Mnuchin Says U.S. Markets ‘Correction’ Is Not Very Surprising

Minnie Murray
October 13, 2018

When President Trump first hit China with 25 per cent tariffs on $50 billion of exports in June, Beijing retaliated with $50 billion of tariffs of its own.

Except, maybe not. September trade data released Friday showed the Chinese economy in surprisingly decent health-particularly set against this week's dismal Chinese markets action.

Customs data on Friday showed growth in Chinese imports of US goods decelerated to 9 percent over a year earlier.

"With global growth likely to cool further in the coming quarters and United States tariffs set to become more punishing, the recent resilience of exports is unlikely to be sustained". Evans said he wasn't aware of "anything happening in the last couple of weeks that alter my basic take that financial stability conditions are reasonably moderate, and that we're in reasonable shape at the moment".

The Chinese yuan has lost almost 10 per cent of its value against the dollar this year.

The IMF said that GDP could decline as much as peak 1.6 per cent in China and close to 1 per cent in the USA if the two countries further escalate the trade war and put all proposed and retaliatory tariffs in place.

USA nuclear exports to China amounted to $170 million in 2017, the officials said. Imports grew 14.3 percent, down from 20.9 percent.


The Chinese yuan has lost almost 10 percent of its value against the US dollar this year.

As the International Monetary Fund launches talks with Pakistan over a bailout package, Mnuchin said transparency was needed for Pakistan's debts to China and other creditors.

After imposing tariffs on $50 billion worth of Chinese goods over the summer, the Trump administration last month added a 10 percent tariffs to another $200 billion worth of Chinese products, encompassing everything from household items like furniture and toys to industrial equipment.

The politically-sensitive surplus was $34.13 billion in September, surpassing the record of $31.05 billion in August.
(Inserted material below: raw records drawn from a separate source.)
Lemma diag_dominant_psd M : adjmx M = M ->
  (forall i, \sum_(j | j != i) `|M i j| <= M i i) -> psd M.
Proof.
move=> HM dom v; have form_real := hermitian_quad_real v HM.
rewrite quad_formE in form_real *.
set O := \sum_i \sum_(j | j != i) (v i 0)^* * M i j * v j 0 in form_real *.
set Dg := \sum_i M i i * `|v i 0| ^+ 2.
set D := \sum_i (\sum_(j | j != i) `|M i j|) * `|v i 0| ^+ 2.
have split_diag : \sum_i \sum_j (v i 0)^* * M i j * v j 0 = Dg + O.
  rewrite -big_split; apply: eq_bigr => i _.
  by rewrite (bigD1 i) //= normCK; congr (_ + _); ring.
have D_ge0 : 0 <= D.
  by apply: sumr_ge0 => i _; rewrite mulr_ge0 ?exprn_ge0 ?sumr_ge0.
have D_le : D <= Dg by apply: ler_sum => i _; rewrite ler_wpM2r ?exprn_ge0.
have O_real : O \is Num.real.
  have -> : O = \sum_i \sum_j (v i 0)^* * M i j * v j 0 - Dg.
    by rewrite split_diag addrC addKr.
  by rewrite rpredB // ger0_real // (le_trans D_ge0).
have := offdiag_quad_le v HM; rewrite real_ler_norml // => /andP[O_lb _].
by rewrite split_diag -lerBlDl sub0r (le_trans _ O_lb) // lerN2.
Qed.

Lemma diag_dominant_trace_gt0 M :
  (forall i, \sum_(j | j != i) `|M i j| < M i i) -> 0 < \tr M.
Proof.
move=> dom; have diag_gt0 i : 0 < M i i by apply: le_lt_trans (dom i); rewrite sumr_ge0.
rewrite /mxtrace (bigD1 ord0) //= ltr_pwDl ?diag_gt0 ?sumr_ge0 // => i _.
by rewrite ltW.
Qed.

End DiagonalDominance.

Section Vertigo.
Variables (R : rcfType) (n : nat).
Local Notation C := R[i].
Local Notation a := (ann R n).
Implicit Types (A : 'M[C]_n.+1) (t : R).

Definition ann_sandwich A (k : nat) : 'M[C]_n.+1 := a ^+ k *m A *m adjmx (a ^+ k).

Definition vertigo_coef t (k : nat) : R := (t - 1) ^+ k / k`!%:R.

Lemma annX_eq0 k (i l : 'I_n.+1) : (l : nat) != (i + k)%N -> (a ^+ k) i l = 0.
Proof.
elim: k i l => [|k IH] i l.
  by rewrite addn0 expr0 mxE => l_ne; rewrite -val_eqE eq_sym (negPf l_ne).
rewrite exprS -mulmxE mxE => l_ne; apply: big1 => m _.
rewrite mxE; case: eqP => [m_eq|_]; last by rewrite mul0r.
by rewrite IH ?mulr0 // m_eq addSnnS.
Qed.

Lemma annX_neq0 k (i l : 'I_n.+1) : (l : nat) = (i + k)%N -> (a ^+ k) i l != 0.
Proof.
elim: k i l => [|k IH] i l.
  by rewrite addn0 expr0 mxE => /val_inj ->; rewrite eqxx oner_eq0.
move=> l_eq; have lt_i1 : (i.+1 < n.+1)%N by have := ltn_ord l; rewrite l_eq; lia.
rewrite exprS -mulmxE mxE (bigD1 (Ordinal lt_i1)) //= big1 ?addr0.
  rewrite mulf_neq0 ?IH ?l_eq ?addSnnS // mxE eqxx /=.
  by rewrite fmorph_eq0 sqrtr_eq0 -ltNge ltr0Sn.
move=> m m_ne; rewrite mxE; case: eqP => [m_eq|_]; last by rewrite mul0r.
by case/eqP: m_ne; apply: val_inj.
Qed.

Lemma ann_sandwich_eq0 A k (i j : 'I_n.+1) :
  (n < i + k)%N || (n < j + k)%N -> ann_sandwich A k i j = 0.
Proof.
move=> out; rewrite mxE; apply: big1 => l _; case/orP: out => out.
  rewrite mxE big1 ?mul0r // => l' _; rewrite annX_eq0 ?mul0r //.
  by apply/eqP => l'_eq; have := ltn_ord l'; rewrite l'_eq; lia.
rewrite adjmxE annX_eq0 ?rmorph0 ?mulr0 //.
by apply/eqP => l_eq; have := ltn_ord l; rewrite l_eq; lia.
Qed.

Lemma ann_sandwich_top A (i : 'I_n.+1) :
  ann_sandwich A (n - i) i i = `|(a ^+ (n - i)) i ord_max| ^+ 2 * A ord_max ord_max.
Proof.
have top_only l : l != ord_max -> (a ^+ (n - i)) i l = 0.
  move=> l_ne; apply: annX_eq0; apply: contra l_ne => /eqP l_eq.
  by apply/eqP/val_inj; rewrite /= l_eq; have := ltn_ord i; lia.
rewrite mxE (bigD1 ord_max) //= big1 => [|l /top_only]; last first.
  by rewrite adjmxE => ->; rewrite rmorph0 mulr0.
rewrite mxE (bigD1 ord_max) //= big1 => [|l /top_only ->]; last by rewrite mul0r.
by rewrite !addr0 adjmxE normCK; ring.
Qed.

Lemma tpow_diag t : tpow n t = diag_mx (\row_(i < n.+1) (Num.sqrt t ^+ i)%:C).
Proof.
by apply/matrixP=> i j; rewrite !mxE; case: eqP => [->|]; rewrite ?mulr1n ?mulr0n.
Qed.

Lemma adjmx_tpow t : adjmx (tpow n t) = tpow n t.
Proof.
apply/matrixP=> i j; rewrite adjmxE !mxE eq_sym.
by case: eqP => [->|_]; rewrite ?conj_realc ?rmorph0.
Qed.

Definition vertigo_term t A (i j k : 'I_n.+1) : C :=
  (vertigo_coef t k * Num.sqrt t ^+ (i + j))%:C * ann_sandwich A k i j.

Lemma vertigoE t A (i j : 'I_n.+1) :
  vertigo t A i j = \sum_(k < n.+1) vertigo_term t A i j k.
Proof.
rewrite summxE; apply: eq_bigr => k _; rewrite /vertigo_term.
rewrite -[tpow n t *m _ *m A]mulmxA -[tpow n t *m _ *m adjmx _]mulmxA.
rewrite -/(ann_sandwich A k) tpow_diag mul_diag_mx mul_mx_diag !mxE.
by rewrite exprD !rmorphM /vertigo_coef; ring.
Qed.

Lemma vertigo_hermitian t A : adjmx A = A -> adjmx (vertigo t A) = vertigo t A.
Proof.
move=> HA; rewrite /vertigo adjmx_sum; apply: eq_bigr => k _.
by rewrite adjmxZ conj_realc !adjmxM adjmxK HA adjmx_tpow !mulmxA.
Qed.

Lemma vertigoZ t (c : C) A : vertigo t (c *: A) = c *: vertigo t A.
Proof.
rewrite /vertigo scaler_sumr; apply: eq_bigr => k _.
by rewrite -scalemxAr -!scalemxAl !scalerA mulrC.
Qed.

Lemma vertigo_normZ t (c : C) A : c != 0 -> vertigo_norm t (c *: A) = vertigo_norm t A.
Proof.
move=> c_neq0; rewrite /vertigo_norm vertigoZ mxtraceZ scalerA invfM mulrAC.
by rewrite mulVf ?mul1r.
Qed.

End Vertigo.

Lemma state_of_psd (R : rcfType) n (M : 'M[R[i]]_n.+1) :
  adjmx M = M -> psd M -> 0 < \tr M -> state_n ((\tr M)^-1 *: M).
Proof.
move=> HM psdM trM_gt0; have trV_gt0 : 0 < (\tr M)^-1 by rewrite invr_gt0.
split; first split.
- by rewrite /Defs.hermitian adjmxZ HM geC0_conj ?ltW.
- by rewrite mxtraceZ mulVf ?gt_eqF.
- move=> v; rewrite -scalemxAr -scalemxAl mxE.
  exact: mulr_ge0 (ltW trV_gt0) (psdM v).
Qed.

Section Asymptotics.
Variables (R : rcfType) (n : nat) (B : 'M[R[i]]_n.+1).
Local Notation normc := (@Normc.normc R).
Implicit Types (t : R).

Lemma vertigo_coef_ge0 t k : 1 <= t -> 0 <= vertigo_coef t k.
Proof. by move=> t_ge1; rewrite divr_ge0 ?exprn_ge0 ?subr_ge0. Qed.

Lemma vertigo_coef_le t k : 1 <= t -> vertigo_coef t k <= t ^+ k.
Proof.
move=> t_ge1; have t_ge0 : 0 <= t by apply: le_trans t_ge1.
rewrite ler_pdivrMr ?ltr0n ?fact_gt0 //; apply: (@le_trans _ _ (t ^+ k)).
  by rewrite lerXn2r ?nnegrE ?subr_ge0 ?gerBl.
by rewrite ler_peMr ?exprn_ge0 // ler1n fact_gt0.
Qed.

Lemma vertigo_coef_sqrt_le t k m p : 1 <= t -> (2 * k + m <= p)%N ->
  vertigo_coef t k * Num.sqrt t ^+ m <= Num.sqrt t ^+ p.
Proof.
move=> t_ge1 le_p; have t_ge0 : 0 <= t by apply: le_trans t_ge1.
have s_ge1 : 1 <= Num.sqrt t by rewrite -sqrtr1 ler_sqrt.
apply: le_trans (ler_weXn2l s_ge1 le_p); rewrite exprD exprM sqr_sqrtr //.
by rewrite ler_wpM2r ?exprn_ge0 ?sqrtr_ge0 ?vertigo_coef_le.
Qed.

Lemma vertigo_coef_lb t m : 2 <= t -> t ^+ m <= vertigo_coef t m * (2 ^+ m * m`!%:R).
Proof.
move=> t_ge2; have -> : vertigo_coef t m * (2 ^+ m * m`!%:R) = (2 * (t - 1)) ^+ m.
  by rewrite /vertigo_coef exprMn; field; rewrite pnatr_eq0 -lt0n fact_gt0.
by apply: lerXn2r; rewrite ?nnegrE; lra.
Qed.

(* [rev_ord i] has value [n - i]: it indexes the only term of the diagonal
   entry [(i, i)] that reaches order [t ^ n]. *)
Lemma vertigo_term_le t (i j k : 'I_n.+1) : 1 <= t -> (j != i) || (k != rev_ord i) ->
  (Num.sqrt t)%:C * `|vertigo_term t B i j k| <= (t ^+ n)%:C * `|ann_sandwich B k i j|.
Proof.
move=> t_ge1 off_main; have t_ge0 : 0 <= t by apply: le_trans t_ge1.
rewrite /vertigo_term; have [->|Y_neq0] := eqVneq (ann_sandwich B k i j) 0.
  by rewrite mulr0 normr0 !mulr0.
have /norP[] : ~~ ((n < i + k)%N || (n < j + k)%N).
  by apply: contra Y_neq0 => out; rewrite ann_sandwich_eq0.
rewrite -!leqNgt => le_ik le_jk.
have le_2n : (2 * k + (i + j).+1 <= 2 * n)%N.
  by move: off_main; rewrite -!val_eqE /=; lia.
rewrite normrM ger0_norm; last first.
  by rewrite ler0c mulr_ge0 ?vertigo_coef_ge0 ?exprn_ge0 ?sqrtr_ge0.
rewrite mulrA -rmorphM ler_wpM2r // lecR mulrCA -exprS.
by rewrite -[X in _ <= X ^+ n](sqr_sqrtr t_ge0) -exprM vertigo_coef_sqrt_le.
Qed.

Definition row_mass (i : 'I_n.+1) : R :=
  \sum_j \sum_(k < n.+1) normc (ann_sandwich B k i j).

Lemma row_mass_ge0 i : 0 <= row_mass i.
Proof.
by apply: sumr_ge0 => j _; apply: sumr_ge0 => k _; apply: normc_ge0.
Qed.

Lemma row_massE i : (row_mass i)%:C = \sum_j \sum_(k < n.+1) `|ann_sandwich B k i j|.
Proof. by rewrite rmorph_sum; apply: eq_bigr => j _; rewrite rmorph_sum. Qed.

Lemma vertigo_offmain_le t (i : 'I_n.+1) : 1 <= t ->
  (Num.sqrt t)%:C * (\sum_(j | j != i) `|vertigo t B i j|
                     + `|\sum_(k | k != rev_ord i) vertigo_term t B i i k|)
  <= (t ^+ n * row_mass i)%:C.
Proof.
move=> t_ge1; have s_ge0 : 0 <= (Num.sqrt t)%:C by rewrite ler0c sqrtr_ge0.
rewrite rmorphM /= row_massE [X in _ <= _ * X](bigD1 i) //= addrC !mulrDr.
apply: lerD.
  rewrite !mulr_sumr; apply: ler_sum => j j_ne; rewrite vertigoE.
  apply: le_trans (ler_wpM2l s_ge0 (ler_norm_sum _ _ _)) _.
  by rewrite !mulr_sumr; apply: ler_sum => k _; rewrite vertigo_term_le ?j_ne.
apply: le_trans (ler_wpM2l s_ge0 (ler_norm_sum _ _ _)) _.
rewrite !mulr_sumr [X in _ <= X](bigD1 (rev_ord i)) //=.
rewrite ler_wpDl ?mulr_ge0 ?normr_ge0 ?ler0c ?exprn_ge0 ?(le_trans ler01 t_ge1) //.
by apply: ler_sum => k k_ne; rewrite vertigo_term_le ?k_ne ?orbT.
Qed.
Lemma flight_straight left Rad d p v tau :
  0 < Rad -> 0 < d -> 0 < tau ->
  on_arc left Rad d p -> on_arc left Rad d (padd p (pscal tau v)) ->
  Rad / (Rad + d) < abs_sin_phi p v ->
  flight left Rad d p v tau (padd p (pscal tau v)).
Proof.
  intros HR Hd Htau [Hp Hhp] [Hq Hhq] Hphi.
  destruct (transversal_of_abs_sin_phi Rad d p v HR Hd Hp Hphi) as [Hv Hcr].
  split; [exact Htau|]. left. split; [reflexivity|].
  intros s Hs. split; [|split].
  - apply in_half_segment with tau; [exact Hhp|exact Hhq|lra].
  - apply segment_outside_disk. exact Hcr.
  - apply segment_inside_circle with tau; assumption.
Qed.

Definition polar (rho th : R) : pt := (rho * cos th, rho * sin th).

(* Angular parameter of the arcs: the left arc is th in [PI/2, 3PI/2],
   the right arc th in [-PI/2, PI/2]. *)
Definition arc_start (left : bool) : R := if left then PI / 2 else - (PI / 2).

Lemma sin2_cos2_pow x : sin x ^ 2 + cos x ^ 2 = 1.
Proof. pose proof (sin2_cos2 x). unfold Rsqr in H. lra. Qed.

Lemma nrm_polar rho th : 0 <= rho -> nrm (polar rho th) = rho.
Proof.
  intros H. unfold nrm, polar; cbn [fst snd].
  replace ((rho * cos th) ^ 2 + (rho * sin th) ^ 2) with (rho ^ 2 * (sin th ^ 2 + cos th ^ 2)) by ring.
  rewrite sin2_cos2_pow, Rmult_1_r. apply sqrt_pow2. exact H.
Qed.

Lemma on_arc_polar left Rad d th :
  0 <= Rad + d -> arc_start left <= th <= arc_start left + PI ->
  on_arc left Rad d (polar (Rad + d) th).
Proof.
  intros Hrho Hth. split; [apply nrm_polar; exact Hrho|].
  unfold in_half, polar, arc_start in *; cbn [fst]; destruct left.
  - assert (cos th <= 0) by (apply cos_le_0; lra). nra.
  - assert (0 <= cos th) by (apply cos_ge_0; lra). nra.
Qed.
China's central bank cut its daily reference rate for a ninth day to 6.9120. Imports of American goods increased 9 percent to $12.6 billion, down from August's 11.1 percent growth.

In a separate report, the Department of Labor said the prices of goods imported from China fell 0.1 percent in September, the third month in a row of falling prices. An official survey also confirmed a further manufacturing weakening.

With China's manufacturing sector cooling and export orders shrinking, Beijing has pledged to increase export tax rebates from November 1 for the second time this year and promised to cut corporate burden on a larger scale to help struggling Chinese firms. It also slashed China's growth forecast for next year to 6.2 percent from 6.4 percent. Otherwise, China's export performance as of September is steady, and a bit disappointing in the case of non-Japan Asia.

Beijing's exports have been robustly growing all year in the face of rising tariffs and increasing uncertainty over relations with Washington.